A top SAP executive said on Wednesday that the vendor's Business ByDesign on-demand ERP (enterprise resource planning) suite will take "the world by storm" one day, but declined to reveal when a long-anticipated broader release will occur.

SAP initially announced the suite in late 2007, and predicted it would generate US$1 billion in revenue by 2010. But it subsequently limited the rollout to a handful of markets while working to make sure the SaaS (software as a service) application will be profitable enough at scale.

In remarks at the Citigroup Global Technology Conference in New York on Wednesday, SAP executive board member Bill McDermott set high expectations for the application once that goal is accomplished.

"When this product hits the market, we won't have to do a lot of talking," he said. "The product and market will do the talking for us."

While SAP has publicly showcased Business ByDesign and even released a number of updates, executives have been circumspect about when it will be generally available, leading to speculation about its eventual fate.

The market "will see a lot more" about the application in 2010 and beyond, McDermott said, but offered no other specifics. He has made similar statements in the past.
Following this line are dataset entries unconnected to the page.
(* Let $d\ge0$ be an integer. There exist an instance domain $\mathcal{X}$ and a hypothesis class $\mathcal{H}$ with Littlestone dimension $d$ such that the following holds for all integers $k,l\ge0$: if $k<l+d$, then for any $a\ge 0$ there exists a strategy of the adversary, all of whose presented sequences satisfy the $l$-bias assumption with respect to $\mathcal{H}$, such that any algorithm guaranteeing a cumulative mistake penalty of at most $k$ in the randomized prediction model must have cumulative abstention penalty at least $a$.
   Context: Randomized prediction model: at round $t$ the adversary presents $x_t\in\mathcal{X}$; the learner outputs $(p_{t,-},p_{t,+},1-p_{t,-}-p_{t,+})$ with $p_{t,-},p_{t,+}\ge0$, $p_{t,-}+p_{t,+}\le 1$ (probabilities of predicting $-1$, $+1$, abstaining); the adversary reveals $y_t\in\{-1,+1\}$. After $n$ rounds the cumulative mistake penalty is $\sum_{t=1}^n \big(I(y_t=-1)p_{t,+}+I(y_t=+1)p_{t,-}\big)$ and the cumulative abstention penalty is $\sum_{t=1}^n(1-p_{t,+}-p_{t,-})$. Hypotheses are maps $\mathcal{X}\to\{-1,+1\}$. $\mathcal{C}^l$ is the class of functions $x\mapsto 1-2I(x\in D)$ for $D\subseteq\mathcal{X}$, $|D|\le l$, and $\mathcal{H}^l=\{x\mapsto h(x)c(x): h\in\mathcal{H},c\in\mathcal{C}^l\}$. A sequence $(x_1,y_1),\dots,(x_n,y_n)$ satisfies the $l$-bias assumption w.r.t. $\mathcal{H}$ if some $h\in\mathcal{H}^l$ has $h(x_t)=y_t$ for all $t$. The Littlestone dimension of $\mathcal{H}$ is the largest $d$ such that there is a complete binary tree of depth $d$ with internal nodes labeled by points of $\mathcal{X}$ such that for every root-to-leaf path (left = label $-1$, right = label $+1$) some $h\in\mathcal{H}$ agrees with all labels on the path. *)

From Stdlib Require Import Reals List.
Import ListNotations.
Open Scope R_scope.

(* Labels {-1,+1}. *)
Inductive sign : Type := Neg | Pos.

Definition flip (s : sign) : sign := match s with Neg => Pos | Pos => Neg end.

Inductive ltree (X : Type) : Type :=
| Leaf : ltree X
| Node : X -> ltree X -> ltree X -> ltree X.
Arguments Leaf {X}.
Arguments Node {X} _ _ _.

Fixpoint complete_of_depth {X : Type} (t : ltree X) (d : nat) : Prop :=
  match t, d with
  | Leaf, O => True
  | Node _ l r, S d' => complete_of_depth l d' /\ complete_of_depth r d'
  | _, _ => False
  end.

(* Every root-to-leaf path (left = label -1, right = label +1) is realized by
   some hypothesis satisfying P (P accumulates the labels of the path so far). *)
Fixpoint paths_realized {X : Type} (P : (X -> sign) -> Prop) (t : ltree X) : Prop :=
  match t with
  | Leaf => exists h, P h
  | Node x l r =>
      paths_realized (fun h => P h /\ h x = Neg) l /\
      paths_realized (fun h => P h /\ h x = Pos) r
  end.

Definition shatters {X : Type} (H : (X -> sign) -> Prop) (t : ltree X) : Prop :=
  paths_realized H t.

Definition littlestone_dim_eq {X : Type} (H : (X -> sign) -> Prop) (d : nat) : Prop :=
  (exists t, complete_of_depth t d /\ shatters H t) /\
  (forall t m, complete_of_depth t m -> shatters H t -> (m <= d)%nat).

(* value of x |-> h(x) c(x), where c = 1 - 2 I(. \in D) *)
Definition biased_value {X : Type} (h : X -> sign) (D : X -> Prop) (x : X) (y : sign) : Prop :=
  (D x /\ y = flip (h x)) \/ (~ D x /\ y = h x).

Definition card_le {X : Type} (D : X -> Prop) (l : nat) : Prop :=
  exists ls : list X, (length ls <= l)%nat /\ forall x, D x -> In x ls.

(* The sequence s satisfies the l-bias assumption w.r.t. H:
   some element of H^l agrees with all labels of s. *)
Definition l_biased {X : Type} (H : (X -> sign) -> Prop) (l : nat)
  (s : list (X * sign)) : Prop :=
  exists h D, H h /\ card_le D l /\
    forall p, In p s -> biased_value h D (fst p) (snd p).

(* A learner maps the history (x_1,y_1),...,(x_{t-1},y_{t-1}) and the current
   instance x_t to (p_{t,-}, p_{t,+}). *)
Definition learner (X : Type) : Type := list (X * sign) -> X -> R * R.

Definition valid_learner {X : Type} (L : learner X) : Prop :=
  forall hist x, 0 <= fst (L hist x) /\ 0 <= snd (L hist x) /\
                 fst (L hist x) + snd (L hist x) <= 1.

Definition mistake_pen (p : R * R) (y : sign) : R :=
  match y with Neg => snd p | Pos => fst p end.
Definition abstain_pen (p : R * R) : R := 1 - fst p - snd p.

(* cumulative (mistake, abstention) penalties of L on the remaining sequence s,
   given the already-seen history hist (chronological order) *)
Fixpoint penalties_from {X : Type} (L : learner X) (hist : list (X * sign))
  (s : list (X * sign)) : R * R :=
  match s with
  | [] => (0, 0)
  | (x, y) :: rest =>
      let p := L hist x in
      let r := penalties_from L (hist ++ [(x, y)]) rest in
      (mistake_pen p y + fst r, abstain_pen p + snd r)
  end.

Definition cum_mistake {X : Type} (L : learner X) (s : list (X * sign)) : R :=
  fst (penalties_from L [] s).
Definition cum_abstain {X : Type} (L : learner X) (s : list (X * sign)) : R :=
  snd (penalties_from L [] s).

(* An adversary strategy: a horizon n; at each round it chooses x_t from the
   full history (instances, learner's outputs, labels), and then chooses y_t
   after seeing the learner's output (p_{t,-}, p_{t,+}). *)
Record adversary (X : Type) : Type := {
  adv_rounds : nat;
  adv_x : list (X * (R * R) * sign) -> X;
  adv_y : list (X * (R * R) * sign) -> X -> R * R -> sign
}.
Arguments adv_rounds {X} _.
Arguments adv_x {X} _ _.
Arguments adv_y {X} _ _ _ _.

Definition forget {X : Type} (h : list (X * (R * R) * sign)) : list (X * sign) :=
  map (fun e => (fst (fst e), snd e)) h.

Fixpoint play_from {X : Type} (A : adversary X) (L : learner X) (m : nat)
  (hist : list (X * (R * R) * sign)) : list (X * (R * R) * sign) :=
  match m with
  | O => hist
  | S m' =>
      let x := adv_x A hist in
      let p := L (forget hist) x in
      let y := adv_y A hist x p in
      play_from A L m' (hist ++ [(x, p, y)])
  end.

Definition presented {X : Type} (A : adversary X) (L : learner X) : list (X * sign) :=
  forget (play_from A L (adv_rounds A) []).

Definition guarantees_mistakes {X : Type} (H : (X -> sign) -> Prop) (l k : nat)
  (L : learner X) : Prop :=
  forall s, l_biased H l s -> cum_mistake L s <= INR k.

(* The class of labellings with at most d negative points has Littlestone
   dimension d: a chain of d fresh points is shattered, while along any path of
   a shattered tree every left turn forces one more negative point.

   The adversary presents fresh points 0, 1, 2, ... and answers -1 exactly when
   the learner puts weight at least 1 - eps on +1, until it has answered -1
   k + 1 times.  Every -1 costs at least 1 - eps in mistakes and every other
   answer costs more than eps in mistakes plus abstentions.  With
   eps = 1/(k+2), k + 1 negatives would cost more than k mistakes, so a learner
   with mistake bound k never sees them, and then every round costs at least
   eps; as k + 1 <= l + d negatives on distinct points are always
   l-biased, the abstentions grow without bound with the horizon. *)

From Stdlib Require Import Reals List Lia Lra.
Import ListNotations.
Open Scope R_scope.

Definition neg_bounded {X : Type} (d : nat) (h : X -> sign) : Prop :=
  card_le (fun x => h x = Neg) d.

Lemma card_le_mono {X : Type} (D E : X -> Prop) (j : nat) :
  (forall x, D x -> E x) -> card_le E j -> card_le D j.
Proof. intros DE [ls [Hlen Hcov]]; exists ls; auto. Qed.

Lemma paths_realized_mono {X : Type} (t : ltree X) :
  forall P Q : (X -> sign) -> Prop,
  (forall h, P h -> Q h) -> paths_realized P t -> paths_realized Q t.
Proof.
  induction t as [|x l IHl r IHr]; simpl; intros P Q PQ HP.
  - destruct HP as [h Hh]; eauto.
  - destruct HP as [Hl Hr]; split.
    + refine (IHl _ _ _ Hl); simpl; intros h [Ph Hx]; auto.
    + refine (IHr _ _ _ Hr); simpl; intros h [Ph Hx]; auto.
Qed.

Lemma paths_realized_inhabited {X : Type} (t : ltree X) :
  forall P : (X -> sign) -> Prop, paths_realized P t -> exists h, P h.
Proof.
  induction t as [|x l IHl r _]; simpl; intros P HP.
  - exact HP.
  - destruct (IHl _ (proj1 HP)) as [h [Ph _]]; eauto.
Qed.

Section UpperBound.

Variable X : Type.
Hypothesis eq_dec : forall x y : X, {x = y} + {x <> y}.

Lemma card_le_remove (D : X -> Prop) (j : nat) (x : X) :
  card_le D j -> D x -> (1 <= j)%nat /\ card_le (fun y => D y /\ y <> x) (j - 1).
Proof.
  intros [ls [Hlen Hcov]] Dx.
  pose proof (remove_length_lt eq_dec ls x (Hcov x Dx)).
  split; [lia|].
  exists (remove eq_dec x ls); split; [lia|].
  intros y [Dy Hyx]; apply in_in_remove; auto.
Qed.

(* The points of [S] are the ones already forced negative on the way down. *)
Lemma shattered_depth_le (t : ltree X) :
  forall (m j : nat) (S : list X) (P : (X -> sign) -> Prop),
  complete_of_depth t m -> paths_realized P t ->
  (forall h, P h -> (forall x, In x S -> h x = Neg) /\
                    card_le (fun x => h x = Neg /\ ~ In x S) j) ->
  (m <= j)%nat.
Proof.
  induction t as [|x l IHl r _]; intros m j S P Hc Hp HP.
  - destruct m; [lia|contradiction].
  - destruct m as [|m]; [lia|].
    destruct Hc as [Hcl _], Hp as [Hpl Hpr].
    destruct (paths_realized_inhabited _ _ Hpr) as [hr [Phr Hrx]].
    assert (HxS : ~ In x S).
    { intros Hin; rewrite (proj1 (HP hr Phr) x Hin) in Hrx; discriminate. }
    destruct (paths_realized_inhabited _ _ Hpl) as [hl [Phl Hlx]].
    destruct (card_le_remove _ _ x (proj2 (HP hl Phl)) (conj Hlx HxS)) as [Hj _].
    enough (m <= j - 1)%nat by lia.
    apply (IHl m (j - 1)%nat (x :: S) _ Hcl Hpl).
    intros h [Ph Hhx]; destruct (HP h Ph) as [HS Hcard]; split.
    + intros y [<-|Hy]; auto.
    + refine (card_le_mono _ _ _ _ (proj2 (card_le_remove _ _ x Hcard (conj Hhx HxS)))).
      intros y [Hy HyS]; simpl in HyS; intuition.
Qed.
Business ByDesign includes a broad array of functionality, from supply chain management (SCM) to financials and built-in analytics.

At present, the application's feature set is strong, but SAP also has to figure out how to avoid cannibalising sales from its existing on-premise SMB software suites, said Ray Wang, a partner with the analyst firm Altimeter Group.

In addition, SAP has "a limited window" in which to execute a broader launch of the product, given that competitors such as NetSuite and Epicor are already in the SaaS ERP game, he said.

"And these are the guys who are SMB by DNA," he added. "They're going to have a head start."

That said, "SAP's advantage is it's got a brand name. SAP will always be considered in a short list, because it's SAP," Wang said.